He might have accepted this, and would doubtless, but for the earnest remonstrances of his wife, who ruled her husband’s opinions better than she could govern his conduct, and who being a simple-hearted woman, with but one rule of faith and right, never thought of swerving from her fidelity to the exiled family, or of recognizing any other sovereign but King James; and though she acquiesced in the doctrine of obedience to the reigning power, no temptation, she thought, could induce her to acknowledge the Prince of Orange as rightful monarch, nor to let her lord so acknowledge him.
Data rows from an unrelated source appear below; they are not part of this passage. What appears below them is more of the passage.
(* Fix $k\in\mathbb{Z}_{\ge1}$. Let $\sigma\in\mathrm{Av}(312)$ with $|\sigma|\ge k$ and $\mathrm{en}_k(\sigma)=\pi$, where $\pi\in\mathrm{Av}_k(312)$. Let $\pi'\in\mathrm{Av}_k(312)$ be such that $\mathrm{pat}_{\{1,\dots,k-1\}}(\pi')=\mathrm{pat}_{\{2,\dots,k\}}(\pi)$ (i.e. the edge $\pi'$ of $\mathcal{O}v(k,\mathrm{Av}(312))$ starts where the edge $\pi$ ends). Then there exists $\ell\in[|\sigma|+1]$ such that $\sigma^{*\ell}\in\mathrm{Av}(312)$ and $\mathrm{en}_k(\sigma^{*\ell})=\pi'$.
   Context: For $I=\{i_1<\dots<i_m\}$, $\mathrm{pat}_I(\sigma)=\mathrm{std}(\sigma(i_1),\dots,\sigma(i_m))$, where for distinct reals $x_1,\dots,x_m$, $\mathrm{std}(x_1,\dots,x_m)$ is the unique permutation $\pi$ of $[m]$ with $\pi(i)<\pi(j)\iff x_i<x_j$. $\mathrm{en}_k(\sigma)=\mathrm{pat}_{\{|\sigma|-k+1,\dots,|\sigma|\}}(\sigma)$. $\mathrm{Av}(312)$ is the set of permutations $\sigma$ with no $I$ such that $\mathrm{pat}_I(\sigma)=312$, and $\mathrm{Av}_k(312)$ those of size $k$. For $\sigma\in\mathcal S_n$ and $\ell\in[n+1]$, $\sigma^{*\ell}=\mathrm{std}(\sigma(1),\dots,\sigma(n),\ell-1/2)\in\mathcal S_{n+1}$ (append a final value $\ell$, shifting up by one all earlier values $\ge\ell$). The overlap graph $\mathcal{O}v(k,\mathrm{Av}(312))$ has vertex set $\mathrm{Av}_{k-1}(312)$ and, for each $\pi\in\mathrm{Av}_k(312)$, an edge labelled $\pi$ from $\mathrm{pat}_{\{1,\dots,k-1\}}(\pi)$ to $\mathrm{pat}_{\{2,\dots,k\}}(\pi)$. *)

From mathcomp Require Import all_boot.
Set Implicit Arguments. Unset Strict Implicit. Unset Printing Implicit Defensive.

(* Permutations of [n] are represented as sequences of naturals (one-line
   notation, values 1..n, positions 1..n). *)

Definition is_perm (s : seq nat) : bool := perm_eq s (iota 1 (size s)).

(* std(x_1,...,x_m): the permutation of [m] order-isomorphic to a sequence of
   distinct naturals; the i-th entry is the rank (1-based) of x_i. *)
Definition std (s : seq nat) : seq nat :=
  [seq (count (fun y => y < x) s).+1 | x <- s].

Definition index_set (n : nat) (I : seq nat) : bool :=
  sorted ltn I && all (fun i => (1 <= i) && (i <= n)) I.

(* pat_I(sigma), positions 1-based *)
Definition pat (I : seq nat) (sigma : seq nat) : seq nat :=
  std [seq nth 0 sigma i.-1 | i <- I].

Definition en (k : nat) (sigma : seq nat) : seq nat :=
  pat (iota (size sigma - k).+1 k) sigma.

Definition avoids312 (sigma : seq nat) : Prop :=
  forall I, index_set (size sigma) I -> pat I sigma <> [:: 3; 1; 2].

Definition Av312 (sigma : seq nat) : Prop := is_perm sigma /\ avoids312 sigma.

Definition Av312_k (k : nat) (sigma : seq nat) : Prop :=
  size sigma = k /\ Av312 sigma.

(* sigma^{*l} = std(sigma(1),...,sigma(n), l - 1/2); computed after doubling
   all values: std(2 sigma(1), ..., 2 sigma(n), 2l - 1). *)
Definition ext (sigma : seq nat) (l : nat) : seq nat :=
  std (rcons [seq x.*2 | x <- sigma] (l.*2).-1).

From mathcomp Require Import all_boot zify.
Set Implicit Arguments. Unset Strict Implicit.

(* Let n = |sigma|, let the last entry of pi' be r, and let w = n - (k - 1)
   be the (0-based) start of the last k - 1 entries of sigma, which by the
   overlap hypothesis are order-isomorphic to the first k - 1 entries of pi'.
   Because pi' avoids 312, its entries below r are exactly its first r - 1
   entries (an entry above r followed by one below r would make a 312 with r).
   Transported to sigma, and using that sigma avoids 312, this forces the
   first w + r - 1 entries of sigma to lie below all later ones, i.e. to be
   the values 1, ..., w + r - 1.  Appending l = w + r (or l = 1 if r = 1)
   then creates no 312 and makes the last k entries a copy of pi'. *)

Lemma count_idx (p : pred nat) (s : seq nat) :
  count p s = count (fun j => p (nth 0 s j)) (iota 0 (size s)).
Proof. by rewrite -{1}(mkseq_nth 0 s) /mkseq count_map. Qed.

Lemma count_in_predT (p : pred nat) (s : seq nat) :
  {in s, forall x, p x} -> count p s = size s.
Proof. by move=> ps; apply/eqP; rewrite -all_count; apply/allP. Qed.

Lemma count_in_pred0 (p : pred nat) (s : seq nat) :
  {in s, forall x, ~~ p x} -> count p s = 0.
Proof.
move=> ps; apply/eqP; rewrite -leqn0 leqNgt -has_count.
by apply/hasP => -[x /ps /negP].
Qed.

Lemma count_iota_lt a m x : a <= x <= a + m ->
  count (fun y => y < x) (iota a m) = x - a.
Proof.
move=> xa; have -> : m = (x - a) + (a + m - x) by lia.
rewrite iotaD count_cat count_in_predT ?size_iota; last first.
  by move=> y; rewrite mem_iota; lia.
by rewrite count_in_pred0 ?addn0 // => y; rewrite mem_iota; lia.
Qed.

Lemma count_lt_mono (s : seq nat) a b : a <= b ->
  count (fun y => y < a) s <= count (fun y => y < b) s.
Proof. by move=> ab; apply: sub_count => y /=; lia. Qed.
So my Lord Castlewood remained a nonjuror all his life nearly, though his self-denial caused him many a pang, and left him sulky and out of humor.
The year after the Revolution, and all through King William’s life, ’tis known there were constant intrigues for the restoration of the exiled family; but if my Lord Castlewood took any share of these, as is probable, ’twas only for a short time, and when Harry Esmond was too young to be introduced into such important secrets.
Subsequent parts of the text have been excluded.